5th December 2020 Off By Ewan Gleadow

Copyright: Netflix

For many, Christmas is a season of goodwill and family. A time to reflect on an often horrid, difficult year, and to prepare for it all over again. Time stops for no man, except maybe Bono. For me, Christmas is all about waiting around for the first twenty-four days of the month, having my birthday on the 25th, and then waiting for it all over again. I’m delaying the inevitable, because to prepare yourself to get into the nitty-gritty of Holidate is to, more or less, ruin Christmas for yourself. I’m not sure who or what the target audience is for this latest film from John Whitesell, but, unbelievably, it has found a large one on Netflix.  

I vaguely remember Emma Roberts appearing in something not horribly terrible, it may have been The Hunt or We’re the Millers, mere relics of the mind as I creep toward old age. She shows nothing of the skillset she picked up in either of those lukewarm films through Holidate, but you can’t blame her. Nobody is going to bring their best to a cheesy Netflix stocking-filler, a film one step in the wrong direction away from being brandished with the Hallmark tag. Roberts brings us that fascinatingly dull hatred of Christmas, and I bring my inevitable hatred of cliché Christmas filler.  

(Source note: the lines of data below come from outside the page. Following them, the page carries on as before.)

(* Let $I$ be a finite set and let $T$ be a tree on $I$. For any subset $J \subseteq I$ there exists a unique tree $T_J$ on the leaf set $J$ such that $T_J \sqcup |_{I\setminus J} \leq T$ in the poset $\operatorname{For}(I)$.
   Context: A tree on a finite set $I$ is a (non-planar) rooted binary tree whose leaves are bijectively labeled by $I$: its vertices are inner vertices (of valence $3$) and leaves and the root (of valence $1$), and edges are oriented towards the root; a tree consisting of a single leaf (no inner vertices) is allowed. A forest on $I$ is a set of trees whose leaf sets form a partition of $I$; $\sqcup$ denotes disjoint union of forests. For forests $F,G$ on $I$, we set $F \leq G$ if there is a continuous (topological) map from $F$ to $G$ which (D1) is increasing with respect to the orientation towards the root, (D2) maps inner vertices to inner vertices injectively, (D3) restricts to the identity of $I$ on leaves, and (D4) is injective on each tree of $F$. This defines a poset $\operatorname{For}(I)$. For $J \subseteq I$, $|_J$ denotes the forest on $J$ with no inner vertices (each element of $J$ is a one-leaf tree). *)

From mathcomp Require Import all_boot.
Set Implicit Arguments. Unset Strict Implicit. Unset Printing Implicit Defensive.

(* Encoding of forests.  A (non-planar, rooted, binary, leaf-labelled) forest *)
(* with leaf set J (a subset of the finite type I) is encoded by the set of   *)
(* its "clades": for every vertex v (leaf or inner vertex, not the root),     *)
(* the set of leaf labels below v.  Leaves are the singletons [set i];       *)
(* inner vertices are the clades with at least two elements; the tree order  *)
(* (towards the root) is inclusion; the trees of the forest are the maximal  *)
(* clades.  This is the standard bijection between isomorphism classes of    *)
(* such forests and families of clades satisfying the conditions below.      *)

Section Forests.
Variable I : finType.

Definition laminar (F : {set {set I}}) : Prop :=
  forall A B, A \in F -> B \in F ->
    [|| A \subset B, B \subset A | [disjoint A & B]].

Definition is_forest (J : {set I}) (F : {set {set I}}) : Prop :=
  [/\ (forall A, A \in F -> A \subset J /\ A != set0),
      (forall i, i \in J -> [set i] \in F),
      laminar F &
      (forall A, A \in F -> 1 < #|A| ->
         exists B C, [/\ B \in F, C \in F, B != set0, C != set0 &
                         [disjoint B & C] /\ A = B :|: C])].

Definition is_tree (J : {set I}) (T : {set {set I}}) : Prop :=
  is_forest J T /\ J \in T.

(* |_K : the forest on K with no inner vertices. *)
Definition bars (K : {set I}) : {set {set I}} := [set [set i] | i in K].

Definition is_parent (F : {set {set I}}) (A B : {set I}) : Prop :=
  [/\ A \in F, B \in F, A \proper B &
      forall C, C \in F -> A \subset C -> C \subset B -> C = A \/ C = B].

Definition same_tree (F : {set {set I}}) (A A' : {set I}) : Prop :=
  exists T, [/\ T \in F, A \subset T & A' \subset T].

(* Cells of the geometric realisation: a vertex X, or the open edge leaving  *)
(* the vertex X towards the root (to its parent, or the root half-edge).     *)
Inductive cell := Vtx of {set I} | Edg of {set I}.

Definition cell_base (c : cell) : {set I} :=
  match c with Vtx A => A | Edg A => A end.

(* The cells of the target forest G met by the image, under the continuous   *)
(* increasing map determined by the vertex map f, of a cell of F.  A non-root *)
(* edge A -> B is mapped onto the (unique, increasing) path from f A to f B;  *)
(* the root half-edge above a maximal clade A is mapped to an initial piece   *)
(* of the open edge above f A.                                               *)
Definition cell_img (F G : {set {set I}}) (f : {set I} -> {set I})
    (c d : cell) : Prop :=
  match c, d with
  | Vtx A, Vtx X => X = f A
  | Vtx _, Edg _ => False
  | Edg A, Vtx X =>
      exists B, [/\ is_parent F A B, X \in G, f A \proper X & X \proper f B]
  | Edg A, Edg X =>
      (exists B, [/\ is_parent F A B, X \in G, f A \subset X & X \proper f B])
      \/ ((forall B, ~ is_parent F A B) /\ X = f A)
  end.

Definition is_cell (F : {set {set I}}) (c : cell) : Prop := cell_base c \in F.

Definition forest_le (F G : {set {set I}}) : Prop :=
  is_forest [set: I] F /\ is_forest [set: I] G /\
  exists f : {set I} -> {set I},
    [/\
        (forall A, A \in F -> f A \in G),
        (forall A B, A \in F -> B \in F -> A \subset B -> f A \subset f B),
        (forall A, A \in F -> 1 < #|A| -> 1 < #|f A|) &
        ((forall A B, A \in F -> B \in F -> 1 < #|A| -> 1 < #|B| ->
           f A = f B -> A = B) /\
        (forall i, f [set i] = [set i]) /\
        (forall c1 c2, is_cell F c1 -> is_cell F c2 ->
           same_tree F (cell_base c1) (cell_base c2) -> c1 <> c2 ->
           forall d, ~ (cell_img F G f c1 d /\ cell_img F G f c2 d)))]
.

End Forests.

From mathcomp Require Import all_boot.
Set Implicit Arguments. Unset Strict Implicit. Unset Printing Implicit Defensive.

(* T_J is the restriction of T to J, whose clades are the nonempty sets      *)
(* A :&: J for A a clade of T; it embeds into T by sending each clade to its *)
(* least common ancestor in T.  Conversely, if S is a tree on J with an      *)
(* embedding f of S :|: bars (~: J) into T, injectivity on each tree (D4)    *)
(* forces f X :&: J = X for every clade X of S, so S is contained in the     *)
(* restriction; and a binary tree on J is maximal among laminar families of  *)
(* nonempty subsets of J, so the two coincide.                               *)

Section Families.
Variable I : finType.
Implicit Types (F S R : {set {set I}}) (A B C J V W X Y Z : {set I}).

Lemma forest_laminar J F : is_forest J F -> laminar F.
Proof. by case. Qed.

Alongside her is Luke Bracey, another one for the good-looking, bad-acting variety that pools together Johnny Flynn and Bracey. Actors who’ll bubble up to the surface for two or three years, and back down they go, back to the prison of obscurity they somehow escaped. To give this cast some form of commiseration, Bracey and Roberts have solid chemistry. They carry the weight of this film as best they can, but the inevitably slick and slimy message at the core of the film is underwhelming, half-baked, and something we’ve all seen before.  

Holidate uses its titular word in a way that strikes me as unironic and lacking embarrassment. I feel the embarrassment for all involved, though, another film that saps the Christmas spirit and churns it into hating your family, hating your friends, and hating a season of goodwill. It’s devoid of actual humour, rather it plays up stereotypes ingrained in the mind of the average Netflix user, which brings a fresh level of hell to the field. A platonic relationship that inevitably blossoms into something more than either were expecting, with the intrepid highs and lows all there for us to swoon, cry, and applaud. Absolute nonsense of the highest order, I’d rather Pritt-stick my eyes shut again.